## Problem description
Search the listing below for the line containing "sort (fun x". From there through the line containing "size Q = size Rr /\", transcribe every line exactly, both ends included.

## Data shown
★ ★ ★ ★

(* Let $D$ be a series-parallel digraph with a fixed binary decomposition tree, and let $\boldsymbol{P}^*$ be an optimal path profile for \textsc{Min-Max Disjoint Paths} on $D$ with $k$ paths. Let $\ast\in\{\circ,\parallel\}$ and let $D'=D^{(1)}\ast D^{(2)}\sqsubseteq D$, where $D^{(1)},D^{(2)}$ are the graphs of the two children of the tree vertex of $D'$. If $\boldsymbol{Q}$ is a path profile in $D^{(1)}$ and $\boldsymbol{R}$ is a path profile in $D^{(2)}$ that are both consistent with $\boldsymbol{P}^*$ and balanced (in $D^{(1)}$, resp. $D^{(2)}$), then their greedy composition $\boldsymbol{P}=\boldsymbol{Q}\ast\boldsymbol{R}$ is a path profile in $D'$ that is consistent with $\boldsymbol{P}^*$ and balanced in $D'$.
   Context: A series-parallel digraph is a single arc, a series composition $D'\circ D''$ (sink of $D'$ identified with source of $D''$) or a parallel composition $D'\parallel D''$ (sources identified, sinks identified) of series-parallel digraphs; a binary decomposition tree has leaves = arcs and internal vertices labeled $S$/$P$ representing series/parallel composition of their children's graphs. $D'\sqsubseteq D$ denotes the subgraph represented by some vertex of the fixed tree, with source $s'$ and sink $t'$. \textsc{Min-Max Disjoint Paths} on $D$ with travel times $\tau\ge0$: find $k$ pairwise arc-disjoint $s$-$t$-paths minimizing the maximum length. A path profile in $D'$ is a tuple of pairwise arc-disjoint $s'$-$t'$-paths in $D'$; for an $s$-$t$-path $P$ of $D$ using an arc of $D'$, $P\cap A(D')$ is an $s'$-$t'$-path. Notation: $\tau(P,D')=\sum_{a\in P\cap A(D')}\tau_a$, $C_{\max}(\boldsymbol{P},D')=\max_{P\in\boldsymbol{P}}\tau(P,D')$ (with $0$ for an empty profile), $\theta(\boldsymbol{P},D')=\sum_{P\in\boldsymbol{P}}\tau(P,D')$. A profile $\boldsymbol{P}$ is consistent with $\boldsymbol{P}^*$ in $D'$ if $\boldsymbol{P}$ and $\boldsymbol{P}^*$ use the same number of paths in $D'$ and $\theta(\boldsymbol{P},D')\le\theta(\boldsymbol{P}^*,D')$. If $k'$ paths of $\boldsymbol{P}$ traverse $D'$ with lengths (in $D'$) $p_1\ge\dots\ge p_{k'}$, then $\boldsymbol{P}$ is balanced in $D'$ if $\frac1i\sum_{j=1}^ip_j-p_{i+1}\le C_{\max}(\boldsymbol{P}^*,D')$ for all $i\in[k'-1]$. Greedy composition: for series composition with $\boldsymbol{Q},\boldsymbol{R}$ having the same number of paths, concatenate the longest path of $\boldsymbol{Q}$ with the shortest of $\boldsymbol{R}$, the second-longest with the second-shortest, and so on (ties broken arbitrarily); for parallel composition, take the union of the paths of $\boldsymbol{Q}$ and $\boldsymbol{R}$. *)

From HB Require Import structures.
From mathcomp Require Import all_boot all_order all_algebra.
Set Implicit Arguments. Unset Strict Implicit. Unset Printing Implicit Defensive.
Import Order.TTheory GRing.Theory Num.Theory.

Inductive sptree := Arc | Ser of sptree & sptree | Par of sptree & sptree.

Fixpoint nleaves (T : sptree) : nat :=
  match T with Arc => 1 | Ser l r | Par l r => nleaves l + nleaves r end.

(* number of internal vertices created by series compositions *)
Fixpoint nser (T : sptree) : nat :=
  match T with Arc => 0 | Ser l r => (nser l + nser r).+1
             | Par l r => nser l + nser r end.

(* An sparc is (id, (tail, head)); sparc ids are the leaf numbers (left to
   right), vertices are natural numbers. *)
Definition sparc := (nat * (nat * nat))%type.
Definition arc_id (a : sparc) : nat := a.1.
Definition arc_tail (a : sparc) : nat := a.2.1.
Definition arc_head (a : sparc) : nat := a.2.2.

(* [build T s t fr off]: the sparc list of the series-parallel digraph
   represented by T, with source s, sink t, fresh internal vertices
   numbered from fr and sparc ids numbered from off.  Series composition
   identifies the sink of the left part with the source of the right
   part (new vertex fr); parallel composition identifies sources and
   sinks. *)
Fixpoint build (T : sptree) (s t fr off : nat) : seq sparc :=
  match T with
  | Arc => [:: (off, (s, t))]
  | Ser l r => build l s fr fr.+1 off ++
               build r fr t (fr.+1 + nser l) (off + nleaves l)
  | Par l r => build l s t fr off ++
               build r s t (fr + nser l) (off + nleaves l)
  end.

(* A subgraph represented by a vertex of the fixed tree, together with
   its position (source, sink, vertex/sparc numbering) inside D. *)
Record spg := SPG { sp_tree : sptree; sp_src : nat; sp_snk : nat;
                    sp_fr : nat; sp_off : nat }.

Definition arcs (G : spg) : seq sparc :=
  build (sp_tree G) (sp_src G) (sp_snk G) (sp_fr G) (sp_off G).

Definition whole (T : sptree) : spg := SPG T 0 1 2 0.

(* The two children of a tree vertex (meaningless for a leaf). *)
Definition lchild (G : spg) : spg :=
  match sp_tree G with
  | Arc => G
  | Ser l _ => SPG l (sp_src G) (sp_fr G) (sp_fr G).+1 (sp_off G)
  | Par l _ => SPG l (sp_src G) (sp_snk G) (sp_fr G) (sp_off G)
  end.
Definition rchild (G : spg) : spg :=
  match sp_tree G with
  | Arc => G
  | Ser l r => SPG r (sp_fr G) (sp_snk G) ((sp_fr G).+1 + nser l)
                   (sp_off G + nleaves l)
  | Par l r => SPG r (sp_src G) (sp_snk G) (sp_fr G + nser l)
                   (sp_off G + nleaves l)
  end.
Definition is_leaf (G : spg) : bool :=
  if sp_tree G is Arc then true else false.

(* D' ⊑ D : D' is represented by some vertex of the tree of D. *)
Inductive is_node (D : spg) : spg -> Prop :=
  | node_root : is_node D D
  | node_l G : is_node D G -> ~~ is_leaf G -> is_node D (lchild G)
  | node_r G : is_node D G -> ~~ is_leaf G -> is_node D (rchild G).

Definition is_path (A : seq sparc) (u v : nat) (p : seq sparc) : bool :=
  match p with
  | [::] => false
  | a :: p' =>
      [&& arc_tail a == u, arc_head (last a p') == v,
          path (fun x y => arc_head x == arc_tail y) a p',
          all (fun b => b \in A) p & uniq (u :: map arc_head p)]
  end.

Definition profile (G : spg) (ps : seq (seq sparc)) : bool :=
  all (is_path (arcs G) (sp_src G) (sp_snk G)) ps &&
  pairwise (fun p q => ~~ has (fun a => a \in q) p) ps.

Definition uses (G : spg) (p : seq sparc) : bool :=
  has (fun a => a \in arcs G) p.

Local Open Scope ring_scope.

Section Lengths.
Variables (R : realFieldType) (tau : nat -> R).

Definition tauP (G : spg) (p : seq sparc) : R :=
  \sum_(a <- p | a \in arcs G) tau (arc_id a).

(* C_max(P, D') (0 for the empty profile) *)
Definition Cmax (G : spg) (ps : seq (seq sparc)) : R :=
  \big[Num.max/0]_(p <- ps) tauP G p.

Definition theta (G : spg) (ps : seq (seq sparc)) : R :=
  \sum_(p <- ps) tauP G p.

Definition optimal (D : spg) (k : nat) (Ps : seq (seq sparc)) : Prop :=
  [/\ profile D Ps, size Ps = k &
      forall P, profile D P -> size P = k -> Cmax D Ps <= Cmax D P].

Definition consistent (G : spg) (Ps P : seq (seq sparc)) : Prop :=
  count (uses G) P = count (uses G) Ps /\ theta G P <= theta G Ps.

Definition sorted_lengths (G : spg) (P : seq (seq sparc)) : seq R :=
  sort (fun x y => y <= x) [seq tauP G p | p <- P & uses G p].

Definition balanced (G : spg) (Ps P : seq (seq sparc)) : Prop :=
  let L := sorted_lengths G P in
  forall i : nat, (0 < i < size L)%N ->
    (i%:R)^-1 * (\sum_(j < i) L`_j) - L`_i <= Cmax G Ps.

(* P is a greedy composition of Q (in lchild G) and R (in rchild G),
   for any tie-breaking *)
Definition greedy_comp (G : spg) (Q Rr P : seq (seq sparc)) : Prop :=
  match sp_tree G with
  | Arc => False
  | Ser _ _ =>
      size Q = size Rr /\
      exists Q' R', [/\ perm_eq Q Q', perm_eq Rr R',
        sorted (fun p q => tauP (lchild G) q <= tauP (lchild G) p) Q',
        sorted (fun p q => tauP (rchild G) p <= tauP (rchild G) q) R' &
        P = [seq x.1 ++ x.2 | x <- zip Q' R']]
  | Par _ _ => P = Q ++ Rr
  end.

End Lengths.

(* For a threshold x and a list s of path lengths put excess x s := sum of max(y - x, 0)
   and nabove x s := #{y in s | y > x}.  A nonincreasing list L is balanced w.r.t. C
   exactly when excess (L_i) L <= nabove (L_i) L * C at each of its elements, so it is
   enough to show this excess bound for the lengths of P at every threshold x that some
   length does not exceed.

   Parallel composition: the lengths of P are those of Q and of R, and excess and nabove
   add up.  A side having a length <= x is bounded by its own balancedness; a side whose
   lengths all exceed x has excess at most theta(Q) <= theta(Ps) <= |Q| * Cmax(Ps), by
   consistency.

   Series composition: the lengths of P are q_i + r_i with q nonincreasing and r
   nondecreasing.  The indices with q_i + r_i > x form runs.  A run followed by an
   index j with q_j + r_j <= x has excess at most its excess of q over q_j, which the
   balancedness of Q controls (for a nonincreasing list, balancedness bounds the mean
   excess of any block over the next element, not only of prefixes); the last run,
   preceded by such a j, is bounded symmetrically through r and the balancedness of R.

   Everything else is bookkeeping: the children share no arc (in series, no vertex but
   the middle one), a path of D through one child of a series vertex also runs through
   the other, and no path of D runs through both children of a parallel vertex. *)

From HB Require Import structures.
From mathcomp Require Import all_boot all_order all_algebra.
From mathcomp Require Import zify lra.
Set Implicit Arguments. Unset Strict Implicit. Unset Printing Implicit Defensive.
Import Order.TTheory GRing.Theory Num.Theory.
Local Open Scope ring_scope.

Lemma has_split_first (T : Type) (P : pred T) (s : seq T) : has P s ->
  exists s1 x s2, [/\ s = s1 ++ x :: s2, P x & all (predC P) s1].
Proof.
elim: s => //= y s IH; case Py: (P y) => /= H; first by exists [::], y, s.
have [s1 [x [s2 [-> Px Hs1]]]] := IH H.
by exists (y :: s1), x, s2; rewrite /= Py.
Qed.

Local Notation geR := (fun x y => y <= x).
Local Notation psum := (fun z => z.1 + z.2).

Section Excess.
Variable R : realFieldType.
Implicit Types (C x n : R) (s t L : seq R).

Lemma geR_trans : transitive (geR : rel R).
Proof. by move=> y x z xy yz; apply: le_trans yz xy. Qed.

Lemma geR_total : total (geR : rel R).
Proof. by move=> x y; apply: le_total. Qed.

Lemma geR_anti : antisymmetric (geR : rel R).
Proof. by move=> x y /andP [yx xy]; apply: le_anti; rewrite xy yx. Qed.

Lemma sumr_const_seq (T : Type) (s : seq T) x : \sum_(y <- s) x = (size s)%:R * x.
Proof. by rewrite big_const_seq count_predT iter_addr_0 mulr_natl. Qed.

Definition excess x s := \sum_(y <- s) Num.max (y - x) 0.
Definition nabove x s := count (fun y => x < y) s.

Lemma excess_cat x s t : excess x (s ++ t) = excess x s + excess x t.
Proof. by rewrite /excess big_cat. Qed.

Lemma nabove_cat x s t : nabove x (s ++ t) = (nabove x s + nabove x t)%N.
Proof. exact: count_cat. Qed.

Lemma excess_perm x s t : perm_eq s t -> excess x s = excess x t.
Proof. by move=> st; rewrite /excess (perm_big _ st). Qed.

Lemma nabove_perm x s t : perm_eq s t -> nabove x s = nabove x t.
Proof. by move=> /permP; apply. Qed.

Lemma excess_ge x s : all (fun y => x <= y) s -> excess x s = \sum_(y <- s) (y - x).
Proof.
move=> /allP xs; rewrite /excess big_seq [RHS]big_seq; apply: eq_bigr => y /xs xy.
by apply/max_idPl; rewrite subr_ge0.
Qed.

Lemma excess_le x s : all (fun y => y <= x) s -> excess x s = 0.
Proof.
move=> /allP sx; rewrite /excess big_seq big1 // => y /sx yx.
by apply/max_idPr; rewrite subr_le0.
Qed.

Lemma excess_gt x s : all (fun y => x < y) s -> excess x s = \sum_(y <- s) (y - x).
Proof. by move=> /(sub_all (fun y => @ltW _ _ x y)) /excess_ge. Qed.

Lemma nabove_gt x s : all (fun y => x < y) s -> nabove x s = size s.
Proof. by rewrite all_count => /eqP. Qed.

Lemma nabove_le x s : all (fun y => y <= x) s -> nabove x s = 0%N.
Proof.
by move=> sx; apply/eqP; rewrite -leqn0 leqNgt -has_count -all_predC;
  apply: sub_all sx => y /=; rewrite -leNgt.
Qed.

Lemma all_gt_predC x s : all (predC (fun y => y <= x)) s -> all (fun y => x < y) s.
Proof. by apply: sub_all => y /=; rewrite ltNge. Qed.

Definition balanced_seq C L := forall i : nat, (0 < i < size L)%N ->
  (i%:R)^-1 * (\sum_(j < i) L`_j) - L`_i <= C.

★ ★ ★ ★

## Answer box
  sort (fun x y => y <= x) [seq tauP G p | p <- P & uses G p].

Definition balanced (G : spg) (Ps P : seq (seq sparc)) : Prop :=
  let L := sorted_lengths G P in
  forall i : nat, (0 < i < size L)%N ->
    (i%:R)^-1 * (\sum_(j < i) L`_j) - L`_i <= Cmax G Ps.

(* P is a greedy composition of Q (in lchild G) and R (in rchild G),
   for any tie-breaking *)
Definition greedy_comp (G : spg) (Q Rr P : seq (seq sparc)) : Prop :=
  match sp_tree G with
  | Arc => False
  | Ser _ _ =>
      size Q = size Rr /\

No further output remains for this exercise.